(* Let $W\in\mathbb{R}^{n\times n}$ be positive definite (i.e. $x^TWx>0$ for all nonzero $x\in\mathbb{R}^n$; $W$ need not be symmetric), let $B\in\mathbb{R}^{m\times n}$ with $\operatorname{rank}(B)<m\le n$, and let $$A=\begin{pmatrix} W & B^T\\ -B & 0\end{pmatrix},$$ and let $b\in\mathbb{R}^{n+m}$ lie in the range of $A$. Let $P\in\mathbb{R}^{n\times n}$ be positive definite (not necessarily symmetric) and $$M=\begin{pmatrix} P & B^T\\ -B & 0\end{pmatrix}.$$ Consider the iteration $x^{(k+1)}=x^{(k)}+M^\dagger(b-Ax^{(k)})$, $k=0,1,2,\dots$, where $M^\dagger$ is the Moore–Penrose inverse of $M$. Let $E=BP^{-1}B^T$ and $X=P^{-1}-P^{-1}B^TE^\dagger BP^{-1}$. Then this iteration is convergent if and only if $\gamma(X(P-W))<1$.
   Context: For a square matrix $T$ with spectrum $\sigma(T)$, $\gamma(T)=\max\{|\lambda|:\lambda\in\sigma(T)\setminus\{1\}\}$ (the pseudo-spectral radius). $E^\dagger$ denotes the Moore–Penrose inverse of $E$. The iteration is called convergent if the sequence $x^{(k)}$ converges (to a solution of $Ax=b$) for every initial guess $x^{(0)}$; equivalently, with iteration matrix $T=I-M^\dagger A$, the limit $\lim_{k\to\infty}T^k$ exists. *)

From HB Require Import structures.
From mathcomp Require Import all_boot all_order all_algebra.
From mathcomp Require Import all_classical all_reals.
From mathcomp Require Import topology normedtype sequences.
From mathcomp.real_closed Require Import complex.
Set Implicit Arguments. Unset Strict Implicit. Unset Printing Implicit Defensive.
Import Order.TTheory GRing.Theory Num.Theory.
Import numFieldNormedType.Exports.
Local Open Scope ring_scope.
Local Open Scope classical_set_scope.

Definition posdef (R : realType) (n : nat) (W : 'M[R]_n) : Prop :=
  forall x : 'cV[R]_n, x != 0 -> 0 < (x^T *m W *m x) 0 0.

Definition is_MP (R : realType) (p q : nat) (A : 'M[R]_(p, q)) (X : 'M[R]_(q, p)) : Prop :=
  [/\ A *m X *m A = A, X *m A *m X = X,
      (A *m X)^T = A *m X & (X *m A)^T = X *m A].

(* Moore--Penrose inverse (exists and is unique; chosen by classical choice) *)
Definition mpinv (R : realType) (p q : nat) (A : 'M[R]_(p, q)) : 'M[R]_(q, p) :=
  xget 0 [set X | is_MP A X].

Definition cplx_mx (R : realType) (n : nat) (T : 'M[R]_n) : 'M[R[i]]_n :=
  map_mx (real_complex R) T.

(* pseudo-spectral radius: max{|lambda| : lambda in sigma(T) \ {1}}
   (spectrum over the complex numbers; max over the empty set is 0) *)
Definition gamma (R : realType) (n : nat) (T : 'M[R]_n) : R :=
  sup [set Normc.normc l | l in [set l : R[i] | eigenvalue (cplx_mx T) l /\ l != 1]].

Definition iter_seq (R : realType) (N : nat) (A Md : 'M[R]_N) (b x0 : 'cV[R]_N)
  : nat -> 'cV[R]_N :=
  fix f k := if k is k'.+1 then f k' + Md *m (b - A *m f k') else x0.

Definition iteration_convergent (R : realType) (N : nat) (A Md : 'M[R]_N) (b : 'cV[R]_N) : Prop :=
  forall x0 : 'cV[R]_N, exists xs : 'cV[R]_N,
    (forall i j, (fun k => iter_seq A Md b x0 k i j) @ \oo --> xs i j) /\ A *m xs = b.

From HB Require Import structures.
From mathcomp Require Import all_boot all_order all_algebra.
From mathcomp Require Import all_classical all_reals.
From mathcomp Require Import topology normedtype sequences.
From mathcomp.real_closed Require Import complex.
From mathcomp Require Import lra.
Set Implicit Arguments. Unset Strict Implicit. Unset Printing Implicit Defensive.
Import Order.TTheory GRing.Theory Num.Theory.
Import numFieldNormedType.Exports.
Local Open Scope ring_scope.
Local Open Scope classical_set_scope.

(* With S = E^+, the Moore-Penrose inverse of M is the explicit block matrix
   Y = [[X, -P^-1 B^T S], [S B P^-1, S]], so the iteration matrix I - Y A is
   block lower triangular, [[G, 0], [H, Q]] with G = X (P - W) and
   Q = I - S E an idempotent with Q H = 0. Hence its (k+1)-st power is
   [[0, 0], [0, Q]] + [G; H] G^k [I, 0], and the iteration converges iff the
   powers of G converge (the limit is a solution because A [[0,0],[0,Q]] = 0).
   If the powers of G converge, every eigenvalue of G other than 1 has modulus
   less than 1. Conversely, positive definiteness of W shows that G has no
   fixed vector, so when gamma(G) < 1 all eigenvalues of G lie in the open
   unit disc, and the Cayley-Hamilton theorem then forces G^k -> 0. *)

Section MoorePenrose.
Variable R : realType.

Lemma mulmx_trmx_eq0 q (v : 'rV[R]_q) : (v *m v^T) 0 0 = 0 -> v = 0.
Proof.
rewrite !mxE => v2_0; apply/rowP => i; rewrite mxE.
have sq_ge0 j : predT j -> 0 <= v 0 j * v^T j 0.
  by move=> _; rewrite mxE -expr2 sqr_ge0.
have := psumr_eq0P sq_ge0 v2_0 (i := i) isT.
by rewrite mxE => /eqP; rewrite mulf_eq0 orbb => /eqP.
Qed.

Lemma row_free_mulmx_trmx_unit r q (K : 'M[R]_(r, q)) :
  row_free K -> K *m K^T \in unitmx.
Proof.
move=> freeK; rewrite -row_free_unit; apply/inj_row_free => v vKKt0.
have vK0 : v *m K = 0.
  by apply: mulmx_trmx_eq0; rewrite trmx_mul mulmxA -(mulmxA v) vKKt0 mul0mx mxE.
by apply: (row_free_inj freeK); rewrite vK0 mul0mx.
Qed.

Lemma is_MP_full_rank_factor p q r (C : 'M[R]_(p, r)) (F : 'M[R]_(r, q)) :
  row_free C^T -> row_free F ->
  is_MP (C *m F) (F^T *m invmx (F *m F^T) *m invmx (C^T *m C) *m C^T).
Proof.
move=> freeC freeF.
have uF := row_free_mulmx_trmx_unit freeF.
have uC := row_free_mulmx_trmx_unit freeC; rewrite trmxK in uC.
set U := invmx (F *m F^T); set V := invmx (C^T *m C).
have UT : U^T = U by rewrite /U trmx_inv trmx_mul trmxK.
have VT : V^T = V by rewrite /V trmx_inv trmx_mul trmxK.
have FU k (N : 'M_(k, r)) : N *m F *m F^T *m U = N.
  by rewrite -!mulmxA /U (mulmxA F) mulmxV // mulmx1.
have VC k (N : 'M_(k, r)) : N *m V *m C^T *m C = N.
  by rewrite -!mulmxA /V mulVmx // mulmx1.
have AX : C *m F *m (F^T *m U *m V *m C^T) = C *m V *m C^T.
  by rewrite !mulmxA FU.
have XA : F^T *m U *m V *m C^T *m (C *m F) = F^T *m U *m F.
  by rewrite !mulmxA VC.
split.
- by rewrite AX !mulmxA VC.
- by rewrite XA !mulmxA FU.
- by rewrite AX !trmx_mul trmxK VT mulmxA.
- by rewrite XA !trmx_mul trmxK UT mulmxA.
Qed.

Lemma is_MP_exists p q (A : 'M[R]_(p, q)) : exists X, is_MP A X.
Proof.
rewrite -[A]mulmx_base; eexists; apply: is_MP_full_rank_factor.
  by rewrite /row_free mxrank_tr; exact: col_base_full.
exact: row_base_free.
Qed.

Lemma is_MP_uniq p q (A : 'M[R]_(p, q)) X Y : is_MP A X -> is_MP A Y -> X = Y.
Proof.
move=> [AXA XAX AXT XAT] [AYA YAY AYT YAT].
have AtYtAt : A^T = A^T *m Y^T *m A^T by rewrite -!trmx_mul mulmxA AYA.
have AX_AY : A *m X = A *m Y.
  rewrite -{1}AXT trmx_mul {1}AtYtAt !mulmxA -trmx_mul AXT -mulmxA -trmx_mul.
  by rewrite AYT mulmxA AXA.
have XA_YA : X *m A = Y *m A.
  rewrite -{1}XAT trmx_mul {1}AtYtAt -(mulmxA (A^T *m Y^T)).
  rewrite -[A^T *m Y^T]trmx_mul -[A^T *m X^T]trmx_mul YAT XAT.
  by rewrite mulmxA -(mulmxA Y A X) -mulmxA AXA.
by rewrite -XAX -mulmxA AX_AY mulmxA XA_YA YAY.
Qed.

Lemma mpinvP p q (A : 'M[R]_(p, q)) : is_MP A (mpinv A).
Proof.
rewrite /mpinv; case: xgetP => //= noMP.
by have [X MPX] := is_MP_exists A; have := noMP X.
Qed.

Lemma mpinv_eq p q (A : 'M[R]_(p, q)) X : is_MP A X -> mpinv A = X.
Proof. exact: is_MP_uniq (mpinvP A). Qed.

End MoorePenrose.

Section PositiveDefinite.
Variables (R : realType) (n : nat).
Implicit Types (Q : 'M[R]_n) (x : 'cV[R]_n).

Lemma posdef_quad_eq0 Q x : posdef Q -> (x^T *m Q *m x) 0 0 = 0 -> x = 0.
Proof. by move=> pdQ xQx0; apply: contra_eq xQx0 => /pdQ /lt0r_neq0. Qed.

Lemma posdef_congr_eq0 k Q (C : 'M[R]_(n, k)) : posdef Q ->
  C^T *m Q *m C = 0 -> C = 0.
Proof.
move=> pdQ CtQC0; apply/matrixP => i j; rewrite mxE.
have : C *m (delta_mx j 0 : 'M_(k, 1)) = 0.
  apply: (posdef_quad_eq0 pdQ).
  by rewrite trmx_mul !mulmxA -(mulmxA _ C^T) -(mulmxA _ (C^T *m Q)) CtQC0
    mulmx0 mul0mx mxE.
by rewrite -colE => /(congr1 (fun v : 'cV[R]_n => v i 0)); rewrite !mxE.
Qed.

Lemma posdef_unitmx Q : posdef Q -> Q \in unitmx.
Proof.
move=> pdQ; rewrite -row_free_unit; apply/inj_row_free => v vQ0.
suff : v^T = 0 by move/(congr1 trmx); rewrite trmxK trmx0.
by apply: (posdef_quad_eq0 pdQ); rewrite trmxK vQ0 mul0mx mxE.
Qed.

Lemma posdef_invmx Q : posdef Q -> posdef (invmx Q).
Proof.
move=> pdQ x x0; have uQ := posdef_unitmx pdQ.
set w := invmx Q *m x.
have xE : x = Q *m w by rewrite /w mulmxA mulmxV // mul1mx.
have w0 : w != 0 by apply: contraNneq x0 => w0; rewrite xE w0 mulmx0.
rewrite xE trmx_mul -!mulmxA (mulmxA (invmx Q)) mulVmx // mul1mx mulmxA.
have trE : (w^T *m Q^T *m w)^T = w^T *m Q *m w by rewrite !trmx_mul !trmxK mulmxA.
suff -> : (w^T *m Q^T *m w) 0 0 = (w^T *m Q *m w) 0 0 by exact: pdQ.
by rewrite -trE [RHS]mxE.
Qed.

End PositiveDefinite.

(* For a positive definite Q the "Gram" matrix E = B Q B^T has the same row
   and column space as B, so one-sided Penrose identities for S cancel against
   B. *)
Section GramPinv.
Variables (R : realType) (n m : nat) (B : 'M[R]_(m, n)) (Q : 'M[R]_n).
Variables (E S : 'M[R]_m).
Hypotheses (pdQ : posdef Q) (defE : E = B *m Q *m B^T) (ESE : E *m S *m E = E).

Lemma trmx_gram_pinvK : (S *m E)^T = S *m E -> B^T *m S *m E = B^T.
Proof.
move=> SEt; set Z := 1%:M - S *m E.
have EZ : E *m Z = 0 by rewrite /Z mulmxBr mulmx1 mulmxA ESE subrr.
have Zt : Z^T = Z by rewrite /Z linearB /= trmx1 SEt.
have : B^T *m Z = 0.
  apply: (posdef_congr_eq0 pdQ).
  by rewrite trmx_mul trmxK Zt -!mulmxA (mulmxA B) (mulmxA (B *m Q)) -defE EZ
    !mulmx0.
by rewrite /Z mulmxBr mulmx1 mulmxA => /eqP; rewrite subr_eq0 => /eqP <-.
Qed.

Lemma gram_pinvK : (E *m S)^T = E *m S -> E *m S *m B = B.
Proof.
move=> ESt; set Z := 1%:M - E *m S.
have ZE : Z *m E = 0 by rewrite /Z mulmxBl mul1mx ESE subrr.
have Zt : Z^T = Z by rewrite /Z linearB /= trmx1 ESt.
have : B^T *m Z = 0.
  apply: (posdef_congr_eq0 pdQ).
  by rewrite trmx_mul trmxK Zt !mulmxA -(mulmxA Z) -(mulmxA Z) -defE ZE mul0mx.
move=> /(congr1 trmx); rewrite trmx_mul Zt trmxK trmx0.
by rewrite /Z mulmxBl mul1mx => /eqP; rewrite subr_eq0 => /eqP <-.
Qed.

End GramPinv.

Section SaddlePoint.
Variables (R : realType) (n m : nat) (W P Pi : 'M[R]_n) (B : 'M[R]_(m, n)).
Variables (E S : 'M[R]_m).
Hypotheses (pdPi : posdef Pi) (PPi : P *m Pi = 1%:M).
Hypotheses (defE : E = B *m Pi *m B^T) (MPS : is_MP E S).

Local Notation X := (Pi - Pi *m B^T *m S *m B *m Pi).
Local Notation Y := (block_mx X (- (Pi *m B^T *m S)) (S *m B *m Pi) S).
Local Notation M := (block_mx P B^T (- B) 0).
Local Notation A := (block_mx W B^T (- B) 0).
Local Notation G := (X *m (P - W)).
Local Notation H := (S *m B *m Pi *m (P - W)).
Local Notation Q := (1%:M - S *m E).

Let PiP : Pi *m P = 1%:M := mulmx1C PPi.
Let ESE : E *m S *m E = E. Proof. by case: MPS. Qed.
Let SES : S *m E *m S = S. Proof. by case: MPS. Qed.
Let BtSE : B^T *m S *m E = B^T.
Proof. by apply: (trmx_gram_pinvK pdPi defE ESE); case: MPS. Qed.
Let ESB : E *m S *m B = B.
Proof. by apply: (gram_pinvK pdPi defE ESE); case: MPS. Qed.

Let mulmxBPiBt k (N : 'M_(k, m)) : N *m B *m Pi *m B^T = N *m E.
Proof. by rewrite defE !mulmxA. Qed.
Let mulmxBtSE k (N : 'M_(k, n)) : N *m B^T *m S *m E = N *m B^T.
Proof. by rewrite -{2}BtSE !mulmxA. Qed.
Let mulmxPiP k (N : 'M_(k, n)) : N *m Pi *m P = N.
Proof. by rewrite -mulmxA PiP mulmx1. Qed.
══════
EXERCISE OBJECTIVE: In the material above, each line with the word "mulmxV" should be copied.

RESPONSE TO THIS EXERCISE:
  by rewrite -!mulmxA /U (mulmxA F) mulmxV // mulmx1.
have xE : x = Q *m w by rewrite /w mulmxA mulmxV // mul1mx.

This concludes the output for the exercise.